An estimated 2.3 million workers, or 65% of the construction industry, frequently use scaffolds on the job. OSHA estimates that informed employers and workers in compliance with scaffold safety standards could prevent 4,500 accidents and 50 deaths every year. These standards identify specific roles for the safe erection, dismantling, and use of scaffolds.
OSHA requires that a competent person train any employee involved in erecting and/or dismantling scaffolds. A competent person is defined as one who is capable of identifying existing and predictable hazards, and has authorization to take prompt corrective measures to eliminate them. Their duties include:
-Select and direct employees who erect, dismantle, move, or alter scaffolds. f
-Determine if it is safe for workers to be on a scaffold during storms or high winds, and ensure that a personal fall arrest system protects them.
-Train employees involved in erecting, disassembling, moving, operating, repairing, maintaining, or inspecting scaffolds to recognize associated work hazards.
-Inspect scaffolds, ropes and components for visible defects before each work shift and after any incident that could affect structural integrity, and authorize prompt corrective actions.
Suspension Scaffolds f Evaluate direct connections to support the load. f Evaluate the need to secure two-point and multiple-point scaffolds to prevent swaying.
Erection and Dismantling
Determine the feasibility and safety of providing fall protection and access.
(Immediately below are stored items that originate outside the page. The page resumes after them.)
Lemma is_derive_oppf {f t df} :
  is_derive t 1 f df -> is_derive t 1 (fun s => - f s) (- df).
Proof. by move=> fdf; change (is_derive t 1 (- f) (- df)); exact: is_deriveN. Qed.

Lemma is_derive_addf {f g t df dg} :
  is_derive t 1 f df -> is_derive t 1 g dg ->
  is_derive t 1 (fun s => f s + g s) (df + dg).
Proof.
by move=> fdf gdg; change (is_derive t 1 (f + g) (df + dg)); exact: is_deriveD.
Qed.

Lemma is_derive_mulf {f g t df dg} :
  is_derive t 1 f df -> is_derive t 1 g dg ->
  is_derive t 1 (fun s => f s * g s) (df * g t + f t * dg).
Proof.
move=> fdf gdg; change (is_derive t 1 (f * g) (df * g t + f t * dg)).
apply: is_derive_eq (is_deriveM fdf gdg) _.
by rewrite /GRing.scale /= addrC mulrC.
Qed.

Lemma is_derive_divf {f g t df dg} :
  is_derive t 1 f df -> is_derive t 1 g dg -> g t != 0 ->
  is_derive t 1 (fun s => f s / g s) ((df * g t - f t * dg) / g t ^+ 2).
Proof.
move=> fdf gdg gt0.
have ginv : is_derive t 1 (fun s : C => (g s)^-1) (- (g t) ^- 2 * dg).
  apply: DeriveDef; first exact: derivableV.
  by rewrite deriveV // derive_val.
eapply is_derive_eq; first exact: is_derive_mulf fdf ginv.
(* [field] must see this equation in [C], not in its normed-module view. *)
have quot : df / g t + f t * (- g t ^- 2 * dg)
             = (df * g t - f t * dg) / g t ^+ 2 :> C.
  by field.
exact: quot.
Qed.

Lemma is_derive_near0 {f t df} :
  (\forall s \near t, f s = 0) -> is_derive t 1 f df -> df = 0.
Proof.
move=> f0 fdf; have : is_derive t 1 (cst 0) df.
  by apply: near_eq_is_derive fdf; apply: filterS f0 => s ->.
by case=> _; rewrite derive_cst.
Qed.

Lemma is_derive_sum_mul_exp m (c : nat -> C -> C) (dc : nat -> C)
    (e : nat -> nat) B t db :
  (forall i, (i < m)%N -> is_derive t 1 (c i) (dc i)) -> is_derive t 1 B db ->
  is_derive t 1 (fun s => \sum_(i < m) c i s * B s ^+ e i)
    (\sum_(i < m) dc i * B t ^+ e i
     + (\sum_(i < m) c i t * ((e i)%:R * B t ^+ (e i).-1)) * db).
Proof.
move=> cdc Bdb.
have -> : (fun s => \sum_(i < m) c i s * B s ^+ e i) =
          \sum_(i < m) (c i * B ^+ e i).
  by apply/funext => s; rewrite fct_sumE; apply: eq_bigr => i _; rewrite exprfctE.
apply: is_derive_eq.
  exact: is_derive_sum
    (fun i => is_deriveM (cdc i (ltn_ord i)) (is_deriveX _ Bdb)).
rewrite big_split /= addrC mulr_suml; congr (_ + _); apply: eq_bigr => i _.
  by rewrite exprfctE /GRing.scale /= mulrC.
by rewrite /GRing.scale /= mulrA.
Qed.

End OneVariable.

Section Ppoly.
Context {R : realType}.
Local Notation C := (CC R).

(* A polynomial in p with coefficients c_i(x,y); the exponent map e lets
   polyF (e i = d - i), polyr (e = id) and all their p-derivatives be
   instances without reindexing. *)
Definition ppoly (m : nat) (c : nat -> C -> C -> C) (e : nat -> nat)
    (x y p : C) : C :=
  \sum_(i < m) c i x y * p ^+ e i.

Implicit Types (m : nat) (c : nat -> C -> C -> C) (e : nat -> nat) (x y q : C).

Lemma is_derive_mulr_const {f : C -> C} {t df : C} (k : C) :
  is_derive t 1 f df -> is_derive t 1 (fun s => f s * k) (df * k).
Proof.
move=> fdf; eapply is_derive_eq.
  exact: is_derive_mulf fdf (is_derive_cst k t 1).
by rewrite mulr0 addr0.
Qed.

Lemma derivable_mulr_const {f : C -> C} {t : C} (k : C) :
  derivable f t 1 -> derivable (fun s => f s * k) t 1.
Proof. by move=> /derive1_is_derive /(is_derive_mulr_const k) []. Qed.

Lemma is_derive_ppoly_p m c e x y q :
  is_derive q 1 (ppoly m c e x y)
    (ppoly m (fun i s t => c i s t * (e i)%:R) (fun i => (e i).-1) x y q).
Proof.
apply: is_derive_eq.
  exact: (is_derive_sum_mul_exp _ (fun i _ => c i x y) (fun=> 0) e _ _ _
            (fun i _ => is_derive_cst _ _ _) (is_derive_id q 1)).
rewrite big1 ?add0r ?mulr1 => [|i _]; last by rewrite mul0r.
by apply: eq_bigr => i _; rewrite mulrA.
Qed.

Lemma pdp3_ppoly m c e :
  pdp3 (ppoly m c e) =
  ppoly m (fun i s t => c i s t * (e i)%:R) (fun i => (e i).-1).
Proof.
by apply/funext => x; apply/funext => y; apply/funext => q;
  exact: derive1_val (is_derive_ppoly_p _ _ _ _ _ _).
Qed.

Lemma derivable_ppoly_p m c e x y q : derivable (ppoly m c e x y) q 1.
Proof. by have [] := is_derive_ppoly_p m c e x y q. Qed.

Section PartialX.
Variables (m : nat) (c : nat -> C -> C -> C) (e : nat -> nat) (x y : C).
Hypothesis hc : forall i, (i < m)%N -> derivable (fun t => c i t y) x 1.

Lemma pdx3_ppoly : pdx3 (ppoly m c e) x y = ppoly m (fun i => pdx2 (c i)) e x y.
Proof.
apply/funext => q; apply: derive1_val; rewrite /ppoly; apply: is_derive_eq.
  exact: (is_derive_sum_mul_exp _ (fun i t => c i t y) _ e (cst q) _ _
            (fun i hi => derive1_is_derive (hc _ hi)) (is_derive_cst q x 1)).
by rewrite mulr0 addr0.
Qed.

Lemma is_derive_ppoly_graph_x (phi : C -> C -> C) :
  derivable (fun t => phi t y) x 1 ->
  is_derive x 1 (fun t => ppoly m c e t y (phi t y))
    (pdx3 (ppoly m c e) x y (phi x y)
     + pdp3 (ppoly m c e) x y (phi x y) * pdx2 phi x y).
Proof.
move=> hphi; rewrite pdx3_ppoly pdp3_ppoly; apply: is_derive_eq.
  exact: is_derive_sum_mul_exp (fun i hi => derive1_is_derive (hc _ hi))
           (derive1_is_derive hphi).
by congr (_ + _ * _); apply: eq_bigr => i _; rewrite mulrA.
Qed.

End PartialX.

Lemma pdp3_pdx3_ppoly m c e x y q :
  (forall i, (i < m)%N -> derivable (fun t => c i t y) x 1) ->
  pdp3 (pdx3 (ppoly m c e)) x y q = pdx3 (pdp3 (ppoly m c e)) x y q.
Proof.
move=> hc; have hce i : (i < m)%N -> derivable (fun t => c i t y * (e i)%:R) x 1.
  by move=> hi; exact/derivable_mulr_const/hc.
rewrite [pdp3 _ x y q]/pdp3 (pdx3_ppoly _ _ _ _ _ hc) -/(pdp3 _ x y q).
rewrite !pdp3_ppoly.
rewrite (pdx3_ppoly _ _ _ _ _ hce); apply: eq_bigr => i _.
by rewrite /pdx2 derive1Mr //; exact: hc.
Qed.

Lemma pdy3_ppoly m c e x y :
  (forall i, (i < m)%N -> derivable (fun t => c i x t) y 1) ->
  pdy3 (ppoly m c e) x y = ppoly m (fun i => pdy2 (c i)) e x y.
Proof. exact: (pdx3_ppoly m (fun i s t => c i t s) e y x). Qed.

Lemma is_derive_ppoly_graph_y m c e x y (phi : C -> C -> C) :
  (forall i, (i < m)%N -> derivable (fun t => c i x t) y 1) ->
  derivable (fun t => phi x t) y 1 ->
  is_derive y 1 (fun t => ppoly m c e x t (phi x t))
    (pdy3 (ppoly m c e) x y (phi x y)
     + pdp3 (ppoly m c e) x y (phi x y) * pdy2 phi x y).
Proof.
move=> hc hphi.
exact: (is_derive_ppoly_graph_x m (fun i s t => c i t s) e y x hc
         (fun s t => phi t s)).
Qed.

Lemma pdp3_pdy3_ppoly m c e x y q :
  (forall i, (i < m)%N -> derivable (fun t => c i x t) y 1) ->
  pdp3 (pdy3 (ppoly m c e)) x y q = pdy3 (pdp3 (ppoly m c e)) x y q.
Proof. exact: (pdp3_pdx3_ppoly m (fun i s t => c i t s) e y x q). Qed.

End Ppoly.

Section Holomorphic.
Context {R : realType}.
Local Notation C := (CC R).
Implicit Types (U : set (C * C)) (h : C -> C -> C) (x y : C).

Lemma holomorphic_on_derivable_x {U h x y} :
  holomorphic_on U h -> U (x, y) -> derivable (fun t => h t y) x 1.
Proof.
move=> hh Uxy.
apply: (@diff_derivable _ _ _ ((fun w : C * C => h w.1 w.2) \o pair^~ y)).
by apply: differentiable_comp; [exact: differentiable_pair | exact: hh].
Qed.

Lemma holomorphic_on_derivable_y {U h x y} :
  holomorphic_on U h -> U (x, y) -> derivable (fun t => h x t) y 1.
Proof.
move=> hh Uxy.
apply: (@diff_derivable _ _ _ ((fun w : C * C => h w.1 w.2) \o pair x)).
by apply: differentiable_comp; [exact: differentiable_pair | exact: hh].
Qed.

Lemma open_near_slice_x {U x y} :
  open U -> U (x, y) -> \forall t \near x, U (t, y).
Proof.
move=> oU Uxy; have : {for x, continuous (pair^~ y : C -> C * C)}.
  exact/differentiable_continuous/differentiable_pair.
by apply; exact: open_nbhs_nbhs.
Qed.

Lemma open_near_slice_y {U x y} :
  open U -> U (x, y) -> \forall t \near y, U (x, t).
Proof.
move=> oU Uxy; have : {for y, continuous (pair x : C -> C * C)}.
  exact/differentiable_continuous/differentiable_pair.
by apply; exact: open_nbhs_nbhs.
Qed.

End Holomorphic.

Section Graph.
Context {R : realType}.
Local Notation C := (CC R).
Variables (U V : set (C * C)) (phi : C -> C -> C).
Hypotheses (hV : open V) (hVU : V `<=` U) (hphi : holomorphic_on V phi).
Variables (mF mr : nat) (cF cr : nat -> C -> C -> C) (eF er : nat -> nat).
Hypothesis hcF : forall i, (i < mF)%N -> holomorphic_on U (cF i).
Hypothesis hcr : forall j, (j < mr)%N -> holomorphic_on U (cr j).
Local Notation F := (ppoly mF cF eF).
Local Notation r := (ppoly mr cr er).
Hypothesis hphiS : forall x y, V (x, y) -> F x y (phi x y) = 0.

Let hcF_x x y : U (x, y) ->
  forall i, (i < mF)%N -> derivable (fun t => cF i t y) x 1.
Proof. by move=> Uxy i hi; exact: holomorphic_on_derivable_x (hcF _ hi) Uxy. Qed.

Let hcF_y x y : U (x, y) ->
  forall i, (i < mF)%N -> derivable (fun t => cF i x t) y 1.
Proof. by move=> Uxy i hi; exact: holomorphic_on_derivable_y (hcF _ hi) Uxy. Qed.

Let hcr_x x y : U (x, y) ->
  forall j, (j < mr)%N -> derivable (fun t => cr j t y) x 1.
Proof. by move=> Uxy j hj; exact: holomorphic_on_derivable_x (hcr _ hj) Uxy. Qed.

Let hcr_y x y : U (x, y) ->
  forall j, (j < mr)%N -> derivable (fun t => cr j x t) y 1.
Proof. by move=> Uxy j hj; exact: holomorphic_on_derivable_y (hcr _ hj) Uxy. Qed.

Lemma graph_implicit_x x y : V (x, y) ->
  pdx3 F x y (phi x y) + pdp3 F x y (phi x y) * pdx2 phi x y = 0.
Proof.
move=> Vxy; apply: (is_derive_near0 (f := fun t => F t y (phi t y)) (t := x)).
  by apply: filterS (open_near_slice_x hV Vxy) => t /hphiS.
apply: is_derive_ppoly_graph_x; first exact: hcF_x _ _ (hVU _ Vxy).
exact: holomorphic_on_derivable_x hphi Vxy.
Qed.

Lemma graph_implicit_y x y : V (x, y) ->
  pdy3 F x y (phi x y) + pdp3 F x y (phi x y) * pdy2 phi x y = 0.
Proof.
move=> Vxy; apply: (is_derive_near0 (f := fun t => F x t (phi x t)) (t := y)).
  by apply: filterS (open_near_slice_y hV Vxy) => t /hphiS.
apply: is_derive_ppoly_graph_y; first exact: hcF_y _ _ (hVU _ Vxy).
exact: holomorphic_on_derivable_y hphi Vxy.
Qed.

Lemma pdp3_KoverFp x y q : U (x, y) -> pdp3 F x y q != 0 ->
  pdp3 (KoverFp F) x y q =
  ((pdx3 (pdp3 F) x y q + (pdy3 F x y q + q * pdy3 (pdp3 F) x y q))
     * pdp3 F x y q
   - (pdx3 F x y q + q * pdy3 F x y q) * pdp3 (pdp3 F) x y q)
  / pdp3 F x y q ^+ 2.
Proof.
move=> Uxy Fp0.
have dFx : is_derive q 1 (pdx3 F x y) (pdp3 (pdx3 F) x y q).
  apply: derive1_is_derive; rewrite (pdx3_ppoly _ _ _ _ _ (hcF_x _ _ Uxy)).
  exact: derivable_ppoly_p.
have dFy : is_derive q 1 (pdy3 F x y) (pdp3 (pdy3 F) x y q).
  apply: derive1_is_derive; rewrite (pdy3_ppoly _ _ _ _ _ (hcF_y _ _ Uxy)).
  exact: derivable_ppoly_p.
have dFp : is_derive q 1 (pdp3 F x y) (pdp3 (pdp3 F) x y q).
  by apply: derive1_is_derive; rewrite pdp3_ppoly; exact: derivable_ppoly_p.
rewrite (pdp3_pdx3_ppoly mF cF eF x y q (hcF_x _ _ Uxy)) in dFx.
rewrite (pdp3_pdy3_ppoly mF cF eF x y q (hcF_y _ _ Uxy)) in dFy.
have dK := is_derive_divf
  (is_derive_addf dFx (is_derive_mulf (is_derive_id q 1) dFy)) dFp Fp0.
by rewrite [pdp3 (KoverFp F) _ _ _]/pdp3 /KoverFp /Kfun (derive1_val dK) mul1r.
Qed.

Lemma dcoef_omega_graph x y : V (x, y) -> pdp3 F x y (phi x y) != 0 ->
  dcoef (restr phi (omegaP F r)) (restr phi (omegaQ F r)) x y =
  restr phi (rhs_coef F r) x y.
Proof.
move=> Vxy Fp0; have Uxy := hVU _ Vxy.
have phi_x := holomorphic_on_derivable_x hphi Vxy.
have phi_y := holomorphic_on_derivable_y hphi Vxy.
have cFe_x i : (i < mF)%N -> derivable (fun t => cF i t y * (eF i)%:R) x 1.
  by move=> hi; exact/derivable_mulr_const/hcF_x.
have cFe_y i : (i < mF)%N -> derivable (fun t => cF i x t * (eF i)%:R) y 1.
  by move=> hi; exact/derivable_mulr_const/hcF_y.
have dr_x := is_derive_ppoly_graph_x mr cr er x y (hcr_x _ _ Uxy) phi phi_x.
have dr_y := is_derive_ppoly_graph_y mr cr er x y phi (hcr_y _ _ Uxy) phi_y.
have dFp_x := is_derive_ppoly_graph_x mF (fun i s t => cF i s t * (eF i)%:R)
  (fun i => (eF i).-1) x y cFe_x phi phi_x.
have dFp_y := is_derive_ppoly_graph_y mF (fun i s t => cF i s t * (eF i)%:R)
  (fun i => (eF i).-1) x y phi cFe_y phi_y.
rewrite -pdp3_ppoly in dFp_x dFp_y.
have dQ := is_derive_divf dr_x dFp_x Fp0.
have dP := is_derive_mulf (is_derive_oppf (is_derive_divf dr_y dFp_y Fp0))
  (derive1_is_derive phi_y).
rewrite /dcoef /pdx2 (derive1_val dQ) /pdy2 (derive1_val dP).
rewrite /restr /rhs_coef (pdp3_KoverFp _ _ _ Uxy Fp0) /KoverFp /Kfun.
exact: dcoef_omega_identity Fp0 (graph_implicit_x _ _ Vxy)
  (graph_implicit_y _ _ Vxy).
Qed.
Determine if a scaffold will be structurally sound when intermixing components from different manufacturers.
Determine if galvanic action has affected the capacity when using components of dissimilar metals.
Scaffolds must be designed by a qualified person and be constructed and loaded in accordance with that design. OSHA defines a qualified person as one who possesses a recognized degree, certificate, or professional standing, or has extensive knowledge, training, and experience demonstrating their ability to resolve problems related to the subject. Their duties include:
-Determining the type of scaffold necessary for the job
-Determining the maximum load of the scaffold
-Assuring a good foundation
-Avoiding electrical hazards
Train employees working on scaffolds to recognize the hazards associated with the type of scaffold being used and how to control or minimize those hazards.
Design the rigging for single-point adjustable suspension scaffolds.
Design platforms on two-point adjustable suspension types that are less than 36 inches wide to prevent instability.
Make swaged attachments or spliced eyes on wire suspension ropes.
Components and Design
Design scaffold component construction in accordance with the design.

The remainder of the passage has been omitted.